(Saved data entries)
#####
(** The two markers of an edge go from (∅,∅) to (E,F) or (E,B) at its first
    traversal (F when a new node is discovered) and to (D,D) at its second.
    Counting an end as pending while it carries ∅ or E, every traversal removes
    exactly one pending end of its edge, so each edge is traversed at most twice,
    and exactly twice iff it ends as (D,D).

    Reachable configurations satisfy an invariant: the F passages form a forest
    (at most one per node, decreasing some rank); at each node the number of E, F
    and B passages plus the number of agents is even; there are no more B passages
    at a node than agents; and a discovered node with an unmarked passage has an
    E or F passage or an agent not matched by a B passage.  When both agents are
    stopped, every passage at their nodes is D, so parity puts them on one node.
    Then no B is left, and a node of maximal rank among those with E, F or B
    passages would carry a single F passage, against parity; hence no unmarked
    passage remains at a discovered node, every node is discovered by
    connectivity, and every passage is D. *)

Lemma card_eq_off1 (T : finType) (A B : {set T}) (z : T) :
  (forall y, y != z -> (y \in A) = (y \in B)) -> #|A| + (z \in B) = #|B| + (z \in A).
Proof.
move=> eqAB; rewrite (cardsD1 z A) (cardsD1 z B).
have -> : A :\ z = B :\ z.
  by apply/setP => y; rewrite !inE; case: eqP => // /eqP /eqAB.
lia.
Qed.

Lemma set2_eqP (T : finType) (a b x y : T) :
  [set a; b] = [set x; y] -> (x, y) = (a, b) \/ (x, y) = (b, a).
Proof.
move=> E.
have : x \in [set a; b] by rewrite E !inE eqxx.
have : y \in [set a; b] by rewrite E !inE eqxx orbT.
have : a \in [set x; y] by rewrite -E !inE eqxx.
have : b \in [set x; y] by rewrite -E !inE eqxx orbT.
by rewrite !inE; do 4 case/orP => /eqP ?; subst; auto.
Qed.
#####
• [WHAT IS REQUIRED]
I'd like the records returned exactly as they were written, please.

• [EXPECTED OUTPUT]
(** The two markers of an edge go from (∅,∅) to (E,F) or (E,B) at its first
    traversal (F when a new node is discovered) and to (D,D) at its second.
    Counting an end as pending while it carries ∅ or E, every traversal removes
    exactly one pending end of its edge, so each edge is traversed at most twice,
    and exactly twice iff it ends as (D,D).

    Reachable configurations satisfy an invariant: the F passages form a forest
    (at most one per node, decreasing some rank); at each node the number of E, F
    and B passages plus the number of agents is even; there are no more B passages
    at a node than agents; and a discovered node with an unmarked passage has an
    E or F passage or an agent not matched by a B passage.  When both agents are
    stopped, every passage at their nodes is D, so parity puts them on one node.
    Then no B is left, and a node of maximal rank among those with E, F or B
    passages would carry a single F passage, against parity; hence no unmarked
    passage remains at a discovered node, every node is discovered by
    connectivity, and every passage is D. *)

Lemma card_eq_off1 (T : finType) (A B : {set T}) (z : T) :
  (forall y, y != z -> (y \in A) = (y \in B)) -> #|A| + (z \in B) = #|B| + (z \in A).
Proof.
move=> eqAB; rewrite (cardsD1 z A) (cardsD1 z B).
have -> : A :\ z = B :\ z.
  by apply/setP => y; rewrite !inE; case: eqP => // /eqP /eqAB.
lia.
Qed.

Lemma set2_eqP (T : finType) (a b x y : T) :
  [set a; b] = [set x; y] -> (x, y) = (a, b) \/ (x, y) = (b, a).
Proof.
move=> E.
have : x \in [set a; b] by rewrite E !inE eqxx.
have : y \in [set a; b] by rewrite E !inE eqxx orbT.
have : a \in [set x; y] by rewrite -E !inE eqxx.
have : b \in [set x; y] by rewrite -E !inE eqxx orbT.
by rewrite !inE; do 4 case/orP => /eqP ?; subst; auto.
Qed.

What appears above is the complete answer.